To install the package, it can be done directly in R (we recommend upgrading to the latest available version beforehand) with the instructions:
install.packages("devtools")
library(devtools)
install_local('mediterraneancalculations_0.2-3.tar.gz') # This file has to be in the R directory
More installation ways can be seen here https://riptutorial.com/r/example/5556/install-package-from-local-source
The package code has been posted on https://github.com/lcsc/mediterraneancalculations And it can be installed from Github as follows
install.packages("devtools")
library(devtools)
install_github("lcsc/mediterraneancalculations")
Once the package is installed, please load the following:
library(mediterraneancalculations)
We call the main function:
main_mediterranean_calculations(file_data, file_coor)
Where the parameters are:
- file_data: CSV file of station data. # This file has to be in the R directory
- file_coor: CSV file of station coordinates. # This file has to be in the R directory In the case of the example files, the usage would be:
result <- main_mediterranean_calculations("israel_data.csv", "israel_coor.csv")
It is very important that the input data is formatted like the sample data as follows:
- Coordinate file, rows separated by ";" and using "." to indicate decimals. It has to have 3 columns, "coor", "lat" and "lon". In "coor" we will have the id of the stations (if they are numbers, better with an X in front) that must coincide for the ids that we use in the data file.
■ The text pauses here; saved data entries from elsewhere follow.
(* Let $\mathcal{H}$ be a real or complex Hilbert space and let $S:\mathcal{H}\to\mathcal{H}$ be a (not necessarily densely defined) linear operator such that $\operatorname{ran}(S\cap S^* )=\mathcal{H}$. Then $S$ is densely defined and self-adjoint.
   Context: Operators are identified with their graphs. For a linear relation $R\subset\mathcal{H}\times\mathcal{H}$ its adjoint is the linear relation $R^*=\{(k',h'):\langle k,k'\rangle=\langle h,h'\rangle\ \forall (h,k)\in R\}$ (possibly multivalued when $R$ is not densely defined). $S\cap S^*$ is the intersection of the graph of $S$ with $S^*$, and $\operatorname{ran}$ denotes its range (set of second coordinates). *)

From mathcomp Require Import all_boot all_algebra.
From mathcomp Require Import reals complex.
Import GRing.Theory Num.Theory.
Set Implicit Arguments.
Unset Strict Implicit.
Local Open Scope ring_scope.

(* Inner product spaces / Hilbert spaces over a number field K with a given
   conjugation [conj] (identity for real scalars, complex conjugation for
   complex scalars).  Convention: linear in the first argument. *)
Definition inner_product_space (K : numFieldType) (conj : K -> K)
    (V : lmodType K) (ip : V -> V -> K) : Prop :=
  [/\ (forall (a : K) (x y z : V), ip (a *: x + y) z = a * ip x z + ip y z),
      (forall x y : V, ip y x = conj (ip x y)),
      (forall x : V, 0 <= ip x x)
    & (forall x : V, ip x x = 0 -> x = 0)].

Definition sqnorm (K : numFieldType) (V : lmodType K) (ip : V -> V -> K)
    (x : V) : K := `|ip x x|.

Definition ip_cauchy (K : numFieldType) (V : lmodType K) (ip : V -> V -> K)
    (u : nat -> V) : Prop :=
  forall e : K, 0 < e -> exists N : nat, forall m n : nat,
    (N <= m)%N -> (N <= n)%N -> sqnorm ip (u m - u n) < e.

Definition ip_converges (K : numFieldType) (V : lmodType K) (ip : V -> V -> K)
    (u : nat -> V) (l : V) : Prop :=
  forall e : K, 0 < e -> exists N : nat, forall n : nat,
    (N <= n)%N -> sqnorm ip (u n - l) < e.

Definition hilbert_space (K : numFieldType) (conj : K -> K)
    (V : lmodType K) (ip : V -> V -> K) : Prop :=
  inner_product_space conj ip /\
  (forall u : nat -> V, ip_cauchy ip u -> exists l : V, ip_converges ip u l).

(* Linear relations in V x V, identified with graphs *)
Definition linear_relation (K : numFieldType) (V : lmodType K)
    (R : V -> V -> Prop) : Prop :=
  [/\ R 0 0,
      (forall h k h' k', R h k -> R h' k' -> R (h + h') (k + k'))
    & (forall (a : K) h k, R h k -> R (a *: h) (a *: k))].

(* (graph of) a linear operator, with arbitrary (not necessarily dense) domain *)
Definition linear_operator (K : numFieldType) (V : lmodType K)
    (S : V -> V -> Prop) : Prop :=
  linear_relation S /\ (forall h k k', S h k -> S h k' -> k = k').

Definition adjoint (K : numFieldType) (V : lmodType K) (ip : V -> V -> K)
    (R : V -> V -> Prop) : V -> V -> Prop :=
  fun k' h' => forall h k, R h k -> ip k k' = ip h h'.

Definition rel_cap (V : Type) (R1 R2 : V -> V -> Prop) : V -> V -> Prop :=
  fun h k => R1 h k /\ R2 h k.

Definition rel_dom (V : Type) (R : V -> V -> Prop) : V -> Prop :=
  fun h => exists k, R h k.

Definition rel_ran (V : Type) (R : V -> V -> Prop) : V -> Prop :=
  fun k => exists h, R h k.

Definition ip_dense (K : numFieldType) (V : lmodType K) (ip : V -> V -> K)
    (D : V -> Prop) : Prop :=
  forall (x : V) (e : K), 0 < e -> exists d : V, D d /\ sqnorm ip (x - d) < e.

Definition self_adjoint (K : numFieldType) (V : lmodType K) (ip : V -> V -> K)
    (S : V -> V -> Prop) : Prop :=
  forall h k, S h k <-> adjoint ip S h k.

From HB Require Import structures.
From mathcomp Require Import all_boot all_algebra.
From mathcomp Require Import reals complex.
From mathcomp Require Import ring lra.
From mathcomp Require Import boolp classical_sets order.
Import Order.TTheory GRing.Theory Num.Theory.
Set Implicit Arguments.
Unset Strict Implicit.
Local Open Scope ring_scope.
Local Open Scope classical_set_scope.

(* Both S and S^* are onto, since S ∩ S^* is.  If S^* is onto then S is
   injective, and if S is onto then S^* is injective, because <.,.> separates
   points; as every k is the image of one g under both S and S^*, this gives
   S = S^*.  A vector orthogonal to dom S is then in S^*(0) = S(0) = 0.
   Finally, a subspace M of a real Hilbert space with trivial orthogonal
   complement is dense: a minimizing sequence for the distance from x to M is
   Cauchy by the parallelogram law, and its limit p satisfies x - p ⊥ M by
   the first-order condition, so p = x.  The complex case reduces to the real
   one through the real inner product Re <.,.>. *)

Definition subspace (K : numFieldType) (V : lmodType K) (M : V -> Prop) : Prop :=
  [/\ M 0, (forall a b, M a -> M b -> M (a + b))
    & (forall (t : K) a, M a -> M (t *: a))].

Definition ortho_trivial (K : numFieldType) (V : lmodType K) (ip : V -> V -> K)
    (M : V -> Prop) : Prop :=
  forall y, (forall d, M d -> ip d y = 0) -> y = 0.

Lemma rel_dom_subspace (K : numFieldType) (V : lmodType K) (S : V -> V -> Prop) :
  linear_relation S -> subspace (rel_dom S).
Proof.
case=> S00 SD SZ; split; first by exists 0.
- by move=> a b [k Sak] [k' Sbk']; exists (k + k'); apply: SD.
- by move=> t a [k Sak]; exists (t *: k); apply: SZ.
Qed.

Section InnerProduct.
Variables (K : numFieldType) (conj : K -> K) (V : lmodType K) (ip : V -> V -> K).
Hypothesis ipV : inner_product_space conj ip.

Lemma ip0l z : ip 0 z = 0.
Proof.
case: ipV => ipL _ _ _; have := ipL 1 0 0 z.
by rewrite scaler0 addr0 mul1r -{1}[ip 0 z]addr0 => /addrI.
Qed.

Lemma ipZl a x z : ip (a *: x) z = a * ip x z.
Proof. by case: ipV => ipL _ _ _; rewrite -[a *: x]addr0 ipL ip0l addr0. Qed.

Lemma ipDl x y z : ip (x + y) z = ip x z + ip y z.
Proof. by case: ipV => ipL _ _ _; rewrite -{1}[x]scale1r ipL mul1r. Qed.

Lemma ipBl x y z : ip (x - y) z = ip x z - ip y z.
Proof. by rewrite ipDl -scaleN1r ipZl mulN1r. Qed.

Lemma ip0r z : ip z 0 = 0.
Proof.
case: ipV => _ ipS _ _.
by rewrite ipS ip0l; have := ipS 0 0; rewrite ip0l.
Qed.

Lemma ip_injl x y : (forall z, ip x z = ip y z) -> x = y.
Proof.
case: ipV => _ _ _ ipD eq_xy; apply/eqP; rewrite -subr_eq0; apply/eqP/ipD.
by rewrite ipBl eq_xy subrr.
Qed.

Lemma adjoint_onto_inj (S : V -> V -> Prop) h g k :
  (forall b, rel_ran (adjoint ip S) b) -> S h k -> S g k -> h = g.
Proof.
move=> onto Shk Sgk; apply: ip_injl => b; have [a Aab] := onto b.
by rewrite -(Aab _ _ Shk) (Aab _ _ Sgk).
Qed.

Lemma onto_adjoint_inj (S : V -> V -> Prop) u g v :
  (forall k, rel_ran S k) -> adjoint ip S u v -> adjoint ip S g v -> u = g.
Proof.
case: ipV => _ ipS _ _ onto Auv Agv; apply: ip_injl => k; have [h Shk] := onto k.
by rewrite ipS [ip g k]ipS (Auv _ _ Shk) (Agv _ _ Shk).
Qed.

Lemma self_adjoint_of_ran_cap (S : V -> V -> Prop) :
  (forall k, rel_ran (rel_cap S (adjoint ip S)) k) -> self_adjoint ip S.
Proof.
move=> onto; have ranS b : rel_ran S b by have [a [? _]] := onto b; exists a.
have ranA b : rel_ran (adjoint ip S) b by have [a [_ ?]] := onto b; exists a.
move=> h k; have [g [Sgk Agk]] := onto k; split=> [Shk | Ahk].
- by rewrite (adjoint_onto_inj ranA Shk Sgk).
- by rewrite (onto_adjoint_inj ranS Ahk Agk).
Qed.

Lemma self_adjoint_dom_ortho_trivial (S : V -> V -> Prop) :
  linear_operator S -> self_adjoint ip S -> ortho_trivial ip (rel_dom S).
Proof.
move=> [[S00 _ _] Sfun] Sadj y ortho_y; apply: (Sfun 0) => //; apply/Sadj => h k Shk.
by rewrite ip0r ortho_y //; exists k.
Qed.

End InnerProduct.

Section RealInnerProduct.
Variables (R : realFieldType) (V : lmodType R) (ip : V -> V -> R).
Hypothesis ipV : inner_product_space (fun x : R => x) ip.

Lemma ip_sym x y : ip x y = ip y x.
Proof. by case: ipV. Qed.

Lemma ip_ge0 x : 0 <= ip x x.
Proof. by case: ipV. Qed.

Lemma sqnorm_ip x : sqnorm ip x = ip x x.
Proof. exact/ger0_norm/ip_ge0. Qed.

Lemma ip_lincomb s t a b :
  ip (s *: a + t *: b) (s *: a + t *: b)
  = s ^+ 2 * ip a a + 2 * s * t * ip a b + t ^+ 2 * ip b b.
Proof.
rewrite !(ipDl ipV) ![ip _ (_ + _)]ip_sym !(ipDl ipV) !(ipZl ipV).
rewrite ![ip _ (_ *: _)]ip_sym !(ipZl ipV) [ip b a]ip_sym; ring.
Qed.

Lemma ip_scale s a : ip (s *: a) (s *: a) = s ^+ 2 * ip a a.
Proof. by rewrite !(ipZl ipV) ip_sym (ipZl ipV) mulrA -expr2. Qed.

Lemma ip_opp a : ip (- a) (- a) = ip a a.
Proof. by rewrite -scaleN1r ip_scale sqrrN expr1n mul1r. Qed.

Lemma parallelogram a b :
  ip (a + b) (a + b) + ip (a - b) (a - b) = 2 * ip a a + 2 * ip b b.
Proof.
have -> : a + b = 1 *: a + 1 *: b by rewrite !scale1r.
have -> : a - b = 1 *: a + (-1) *: b by rewrite scale1r scaleN1r.
by rewrite !ip_lincomb; ring.
Qed.

Lemma near_minimizer_ip a d e :
  (forall t, ip a a <= ip (a - t *: d) (a - t *: d) + e) ->
  ip a d ^+ 2 <= e * ip d d.
Proof.
move=> near_min; have [d0 | d_neq0] := eqVneq (ip d d) 0.
  by case: ipV => _ _ _ /(_ d d0) ->; rewrite !(ip0r ipV) expr0n mulr0.
have d_gt0 : 0 < ip d d by rewrite lt_def d_neq0 ip_ge0.
pose t := ip a d / ip d d; have tD : t * ip d d = ip a d by rewrite mulfVK.
have := near_min t; rewrite -[a in a - _]scale1r -scaleNr ip_lincomb => h.
nra.
Qed.

Lemma cauchy_schwarz a b : ip a b ^+ 2 <= ip a a * ip b b.
Proof.
by apply: near_minimizer_ip => t; rewrite lerDr ip_ge0.
Qed.

End RealInnerProduct.

Definition tol (R : realType) (n : nat) : R := (n.+1%:R)^-1.

Lemma tol_gt0 (R : realType) n : 0 < tol R n.
Proof. by rewrite invr_gt0. Qed.

Lemma tol_lt (R : realType) (e : R) :
  0 < e -> exists N, forall n, (N <= n)%N -> tol R n < e.
Proof.
move=> e_gt0; exists (Num.Def.truncn e^-1) => n le_Nn.
rewrite -[e]invrK ltf_pV2 ?posrE ?invr_gt0 ?ltr0Sn //.
by apply: lt_le_trans (truncnS_gt _) _; rewrite ler_nat ltnS.
Qed.

Definition minimizing (R : realType) (V : lmodType R) (ip : V -> V -> R)
    (M : V -> Prop) (x : V) (u : nat -> V) : Prop :=
  forall n, M (u n) /\
    forall d, M d -> ip (x - u n) (x - u n) <= ip (x - d) (x - d) + tol R n.

Section Projection.
Variables (R : realType) (V : lmodType R) (ip : V -> V -> R) (M : V -> Prop).
Hypotheses (hilbV : hilbert_space (fun x : R => x) ip) (subM : subspace M).
Let ipV : inner_product_space (fun x : R => x) ip := proj1 hilbV.

Lemma minimizing_exists x : exists u, minimizing ip M x u.
Proof.
have [M0 _ _] := subM.
pose D := [set ip (x - d) (x - d) | d in M].
have D_inf : has_inf D.
  split; first by exists (ip (x - 0) (x - 0)); exists 0.
  by exists 0 => _ [d _ <-]; exact: ip_ge0.
have approx n : exists d, M d /\ ip (x - d) (x - d) < inf D + tol R n.
  by have [_ [d Md <-] lt_d] := inf_adherent (tol_gt0 R n) D_inf; exists d.
have [u approx_u] := choice approx; exists u => n.
have [Mun lt_un] := approx_u n; split => // d Md.
apply/ltW/(lt_le_trans lt_un); rewrite lerD2r.
by apply: ge_inf; [case: D_inf | exists d].
Qed.

Section Minimizing.
Variables (x : V) (u : nat -> V).
Hypothesis u_min : minimizing ip M x u.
In "lat" and "lon" we will have the coordinates in latitude, longitude in WGS84 https://spatialreference.org/ref/epsg/wgs-84/ Please you follow exactly the format of the example files of the Israel dataset.
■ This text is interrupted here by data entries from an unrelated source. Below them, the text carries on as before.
(* There is an absolute constant $c>0$ such that for all integers $n,n_1,n_2,n_3$ with $n=n_1+n_2+n_3$ and $\tilde m_1(n,n_1,n_2,n_3)\neq0$ one has $$|\Phi|\ge \begin{cases} c\,|n_1+n_2|\,|n_2+n_3| & \text{if } |n_2|\ge |n_3|,\\ c\,|n_1+n_3|\,|n_2+n_3| &\text{if } |n_2|<|n_3|,\end{cases}$$ where $\Phi=n|n|-n_1|n_1|-n_2|n_2|-n_3|n_3|$. In particular $\Phi\ne0$ whenever $\tilde m_1\neq 0$.
   Context: Write $n_{ij\ldots}=n_i+n_j+\cdots$ and $\hat n:=n-i\mathbf 1_{\{n=0\}}$. For integers with $n=n_{123}$, $m_1(n,n_1,n_2,n_3):=2i\frac{n\,n_{23}}{\hat n_1\hat n_2}\mathbf 1_{\{n>0\}}\mathbf 1_{\{n_{23}<0\}}\mathbf 1_{\{n_3\neq0\}}$ and $\tilde m_1:=m_1\mathbf 1_{\{n_{12}n_{13}\neq0\}}$. *)

(* m_1 is complex-valued; we use algC (algebraic complex numbers),
   which contains every value m_1 can take (rational multiples of i / Gaussian rationals). *)
From HB Require Import structures.
From mathcomp Require Import all_boot all_order all_algebra all_field.
Set Implicit Arguments. Unset Strict Implicit. Unset Printing Implicit Defensive.
Import Order.TTheory GRing.Theory Num.Theory.
Local Open Scope ring_scope.

Definition ind (b : bool) : algC := if b then 1 else 0.

Definition nhat (n : int) : algC := n%:~R - 'i * ind (n == 0).

Definition m1 (n n1 n2 n3 : int) : algC :=
  2 * 'i * (((n * (n2 + n3))%R : int)%:~R / (nhat n1 * nhat n2))
  * ind (0 < n) * ind (n2 + n3 < 0) * ind (n3 != 0).

Definition m1t (n n1 n2 n3 : int) : algC :=
  m1 n n1 n2 n3 * ind ((n1 + n2) * (n1 + n3) != 0).

Definition Phi (n n1 n2 n3 : int) : int :=
  n * `|n| - n1 * `|n1| - n2 * `|n2| - n3 * `|n3|.

(* Under m1t != 0 we have n > 0 and n2 + n3 < 0, hence n1 > 0, and then only the
   signs of n2 and n3 matter.  If they differ, Phi factors exactly as
   2 (n1 + n_j) (n2 + n3), where n_j is the negative one (so |n_j| is the larger of
   |n2|, |n3|).  If both are negative, Phi = 2 (n (n2 + n3) - n2 n3) is a sum of two
   negative terms, and |n2 n3| >= |n_k| |n2 + n3| / 2 for n_k the smaller one
   supplies the missing |n_k| |n2 + n3| in |n1 + n_j| |n2 + n3| = (n + |n_k|) |n2 + n3|.
   So the bound holds with c = 1, and Phi != 0 because neither factor vanishes. *)
From HB Require Import structures.
From mathcomp Require Import all_boot all_order all_algebra all_field.
From mathcomp Require Import zify ring.
Import Order.TTheory GRing.Theory Num.Theory.
Local Open Scope ring_scope.

Lemma m1t_neq0 n n1 n2 n3 : m1t n n1 n2 n3 != 0 ->
  [/\ 0 < n, n2 + n3 < 0 & (n1 + n2) * (n1 + n3) != 0].
Proof.
rewrite /m1t /m1 /ind.
case: (0 < n); last by rewrite !(mulr0, mul0r) eqxx.
case: (n2 + n3 < 0); last by rewrite !(mulr0, mul0r) eqxx.
case: (n3 != 0); last by rewrite !(mulr0, mul0r) eqxx.
by case: ((n1 + n2) * (n1 + n3) != 0); rewrite ?(mulr0, mul0r) ?eqxx.
Qed.

Lemma PhiC23 n n1 n2 n3 : Phi n n1 n2 n3 = Phi n n1 n3 n2.
Proof. by rewrite /Phi; ring. Qed.

Lemma ler_norm_mul2 (R : numDomainType) (x : R) : `|x| <= `|2 * x|.
Proof. by rewrite normrM ler_peMl // ger0_norm // ler1n. Qed.

Lemma Phi_mixed_signs n1 n2 n3 :
  0 <= n1 -> 0 <= n1 + n2 + n3 -> 0 <= n2 -> n3 <= 0 ->
  Phi (n1 + n2 + n3) n1 n2 n3 = 2 * ((n1 + n3) * (n2 + n3)).
Proof.
move=> n1_ge0 n_ge0 n2_ge0 n3_le0.
by rewrite /Phi (ger0_norm n_ge0) (ger0_norm n1_ge0) (ger0_norm n2_ge0) (ler0_norm n3_le0); ring.
Qed.

Lemma Phi_neg_signs n1 n2 n3 :
  0 <= n1 -> 0 <= n1 + n2 + n3 -> n2 <= 0 -> n3 <= 0 ->
  Phi (n1 + n2 + n3) n1 n2 n3 = 2 * ((n1 + n2 + n3) * (n2 + n3) - n2 * n3).
Proof.
move=> n1_ge0 n_ge0 n2_le0 n3_le0.
by rewrite /Phi (ger0_norm n_ge0) (ger0_norm n1_ge0) (ler0_norm n2_le0) (ler0_norm n3_le0); ring.
Qed.

Lemma Phi_neg_signs_bound n1 n2 n3 :
  0 < n1 + n2 + n3 -> n2 < 0 -> n3 < 0 -> `|n3| <= `|n2| ->
  `|(n1 + n2) * (n2 + n3)| <= `|Phi (n1 + n2 + n3) n1 n2 n3|.
Proof.
move=> n_gt0 n2_lt0 n3_lt0.
rewrite (ltr0_norm n2_lt0) (ltr0_norm n3_lt0) => n32.
have n23_lt0 : n2 + n3 < 0 by lia.
have n12_gt0 : 0 < n1 + n2 by lia.
have n3n2 : 0 <= - n3 * (n3 - n2) by apply: mulr_ge0; lia.
rewrite Phi_neg_signs; [| lia..].
rewrite normrM (gtr0_norm n12_gt0) (ltr0_norm n23_lt0) ler0_norm; nia.
Qed.

Lemma Phi_lower_bound n1 n2 n3 : 0 < n1 + n2 + n3 -> n2 + n3 < 0 ->
  if `|n3| <= `|n2|
  then `|(n1 + n2) * (n2 + n3)| <= `|Phi (n1 + n2 + n3) n1 n2 n3|
  else `|(n1 + n3) * (n2 + n3)| <= `|Phi (n1 + n2 + n3) n1 n2 n3|.
Proof.
move=> n_gt0 n23_lt0.
have n_ge0 := ltW n_gt0.
have n1_ge0 : 0 <= n1 by lia.
have [n2_ge0 | n2_lt0] := lerP 0 n2.
  have n32 : `|n2| < `|n3| by rewrite ger0_norm // ltr0_norm; lia.
  rewrite leNgt n32 /= Phi_mixed_signs; [exact: ler_norm_mul2 | lia..].
have [n3_ge0 | n3_lt0] := lerP 0 n3.
  have -> : `|n3| <= `|n2| by rewrite ger0_norm // ltr0_norm; lia.
  rewrite PhiC23 addrAC Phi_mixed_signs; [by rewrite (addrC n3) ler_norm_mul2 | lia..].
case: ifPn => [n32 | ]; first exact: Phi_neg_signs_bound.
rewrite -ltNge => n23.
rewrite PhiC23 addrAC (addrC n2); apply: Phi_neg_signs_bound => //; last exact: ltW.
by rewrite addrAC.
Qed.

Theorem mainTheorem4 :
  (exists c : rat, 0 < c /\
    forall n n1 n2 n3 : int, n = n1 + n2 + n3 -> m1t n n1 n2 n3 != 0 ->
      if `|n3| <= `|n2|
      then c * `|(n1 + n2) * (n2 + n3)|%:~R <= `|Phi n n1 n2 n3|%:~R
      else c * `|(n1 + n3) * (n2 + n3)|%:~R <= `|Phi n n1 n2 n3|%:~R)
  /\ (forall n n1 n2 n3 : int, n = n1 + n2 + n3 -> m1t n n1 n2 n3 != 0 ->
        Phi n n1 n2 n3 != 0).
Proof.
split.
  exists 1; split=> // n n1 n2 n3 -> /m1t_neq0 [n_gt0 n23_lt0 _].
  by have := Phi_lower_bound n1 n2 n3 n_gt0 n23_lt0; case: ifP => _; rewrite mul1r ler_int.
move=> n n1 n2 n3 -> /m1t_neq0 [n_gt0 n23_lt0].
rewrite mulf_eq0 negb_or => /andP [n12_neq0 n13_neq0].
have n23_neq0 : n2 + n3 != 0 by rewrite lt_eqF.
rewrite -normr_gt0; have := Phi_lower_bound n1 n2 n3 n_gt0 n23_lt0.
by case: ifP => _ bound; apply: (lt_le_trans _ bound); rewrite normr_gt0; apply: mulf_neq0.
Qed.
- Data file, with columns separated from rows by ";" and using "." to indicate decimals. The first columns are "year" and "month" and then the station IDs will come. So each row will have a year, followed by a month (identified by integers from 1 to 12) and then all the station data will be available. Missing data is expressed as NA or a blank.
In order to optimise the long-term series that generate the software, we recommend you to generate manually some long-term series (if possible according to your data availability). In practical terms, if you have some precipitation stations that cover different periods and that are located at short distances (usually in the same city), we would suggest you merge them in one single series before including the series in the database. For this purpose, you should use as the coordinates of the merged series those of the last precipitation station with data available.
This should be done exclusively for the long-term precipitation series. Please, you do not expend time to reconstruct manually the precipitation series in all of the cases (including short series) since the software will do it. This initial manual approach should be exclusively done if in your country some long-term data is available.
This is what we did with the data of some long-term stations in Spain. As a representative example, in Zaragoza (our city), the first meteorological station was installed in 1858 and it collected data to 1905, when it moved to other location in the city. This station collected data to 1945, when it moved to the current location. Distances were short between observatories (< 5km.) so we directly generated a single series that started in 1858 and finished in 2020, merging the series in the three available observatories. Otherwise, if we would consider these three series independently, the software would not reconstruct any long-term series as they do not contain the sufficient required original data in each station to generate a continuous long term series.
Please, you try to follow this manual approach in the case of the series that start before 1930 to check if you can generate more stations that contain long-term records (maybe considering maximum distances of 10-15 km between series). We would not expend that tisk task requires a lot of time of effort for you as not many stations are expected to be available data for the long term.
For example, in Spain we have generated 28 complete stations from 1871 and 93 from 1901 thanks to follow this approach.
The results should be, in the "results" folder that will contain 5 data files:
- data_1871.csv: Filled and homogenised data of the stations that have been completed from the year 1871 to 2020.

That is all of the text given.